Etapa 1: elaboración del medio de cultivo sólido alternativo. Se obtuvieron 2 concentraciones de extracto de papa (Solanum toberosum) mediante cocción de cubos de 2 cm en agua destilada (AD): (1.) 200 g de papa en 1 L de AD y (2.) 400 g de papa en 1 L de AD [11]. El tiempo de cocción fue de 50 minutos para obtener 200 mL de extracto que se filtró y envasó en los frascos. Para preparar 1 L de muestra se adicionaron 800 mL de AD a 200 mL de cada extracto de papa, el agente geliflcante y 15 g de azúcar.

Se ajustó el pH de los dos extractos de papa adicionando ácido tartárico y se evaluó el crecimiento óptimo de la cepa a tres pH (4.5, 5.0 y 5.5). Se sembró Pleurotus en dos medios de cultivo: extracto de salvado de trigo (EST) y papa-dextrosa-agar (PDA), con el fin de comparar con los medios alternativos. Los medios hidratados se llevaron a ebullición, se esterilizaron en autoclave a 121°C y 15 lb de presión durante 15 minutos y se enfriaron hasta 50°C, se sirvieron en cajas de Petri en la cámara de flujo laminar y una vez gelificados se inoculó cada medio con fracciones del hongo (aproximadamente 0,5 x 0,5 cm), las cajas se cubrieron con papel aluminio y se incubaron a 25°C. El tiempo para la colonización completa fue de 10 días a partir de la inoculación, durante los cuales se tomaron muestras diarias del crecimiento radial del hongo.

La unidad experimental fue la caja de Petri, se usó un diseño Factorial (3x2), donde el factor pH se presentó con tres niveles (4.5, 5.0 y 5.5) y el factor concentración de extracto de papa con 2 niveles (200 y 400 g/L). Los resultados se analizaron estadísticamente a través del análisis de varianza (ANAVA), y se aplicó el método de comparación múltiple de Duncan [12].

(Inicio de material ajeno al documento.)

Lemma basis_sum_mmul_ge F : F \in B -> l.+1 <= \sum_(i in F) mmul L N i.
Proof.
move=> FB; have [Fv FvB Fv_priv] := mingen_Jideal_private hN hvN.
have w_pos i : i \in supp N :\ v -> 0 < mmul L N i.
  by rewrite !inE ffunE => /andP [_ Ni]; exact: ltn_addl.
have [F' F'B [F'P F'F]] := basis_exchange_descent hM FvB Fv_priv sqfree_mmul w_pos FB.
apply: leq_trans F'F; have F'C := contract_avoiding_mem F'B F'P.
rewrite (big_setD1 v (mem_private_basis hN.1 F'B F'P)) /= sum_mmul_avoiding // ffunE.
exact: leq_add (ltn_addl _ hvN) (L_ge F'C).
Qed.

Lemma exists_tight_avoiding : exists2 F', F' \in C & \sum_(i in F') L i <= l.
Proof.
have [Fv FvB Fv_priv] := mingen_Jideal_private hN hvN.
have FvC := contract_avoiding_mem FvB Fv_priv.
have : \sum_(i in Fv :\ v) L i != 0 by rewrite -lt0n (leq_trans hl (L_ge FvC)).
rewrite sum_nat_eq0 negb_forall => /existsP [x]; rewrite negb_imply -lt0n => /andP [_ Lx].
by have [F' F'C [_ F'l]] := L_tight Lx; exists F'.
Qed.

Lemma sum_mmul_setU1 F' j :
  F' \in C -> \sum_(i in F') L i <= l -> \sum_(i in j |: F') mmul L N i <= l.+1.
Proof.
move=> F'C F'l; apply: leq_trans (leq_sum_setU1 _ _ _) _.
by rewrite sum_mmul_avoiding // -add1n leq_add ?sqfree_mmul.
Qed.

Etapa 2: obtención de semillas de Pleurotus ostreatus. Se empleó cebada hidratada en agua destilada durante 1 hora, se envasaron 40 g en frascos de vidrio y se llevaron a esterilización en autoclave durante 15 minutos a 121°C con 15 lb de presión, se enfriaron a temperatura ambiente y se inocularon con los mejores tratamientos obtenidos en la etapa 1. Se incubó a 25°C durante 20 días, tiempo durante el cual se evidenció una colonización completa del sustrato. La medición del crecimiento del hongo se hizo diariamente marcando el área [13].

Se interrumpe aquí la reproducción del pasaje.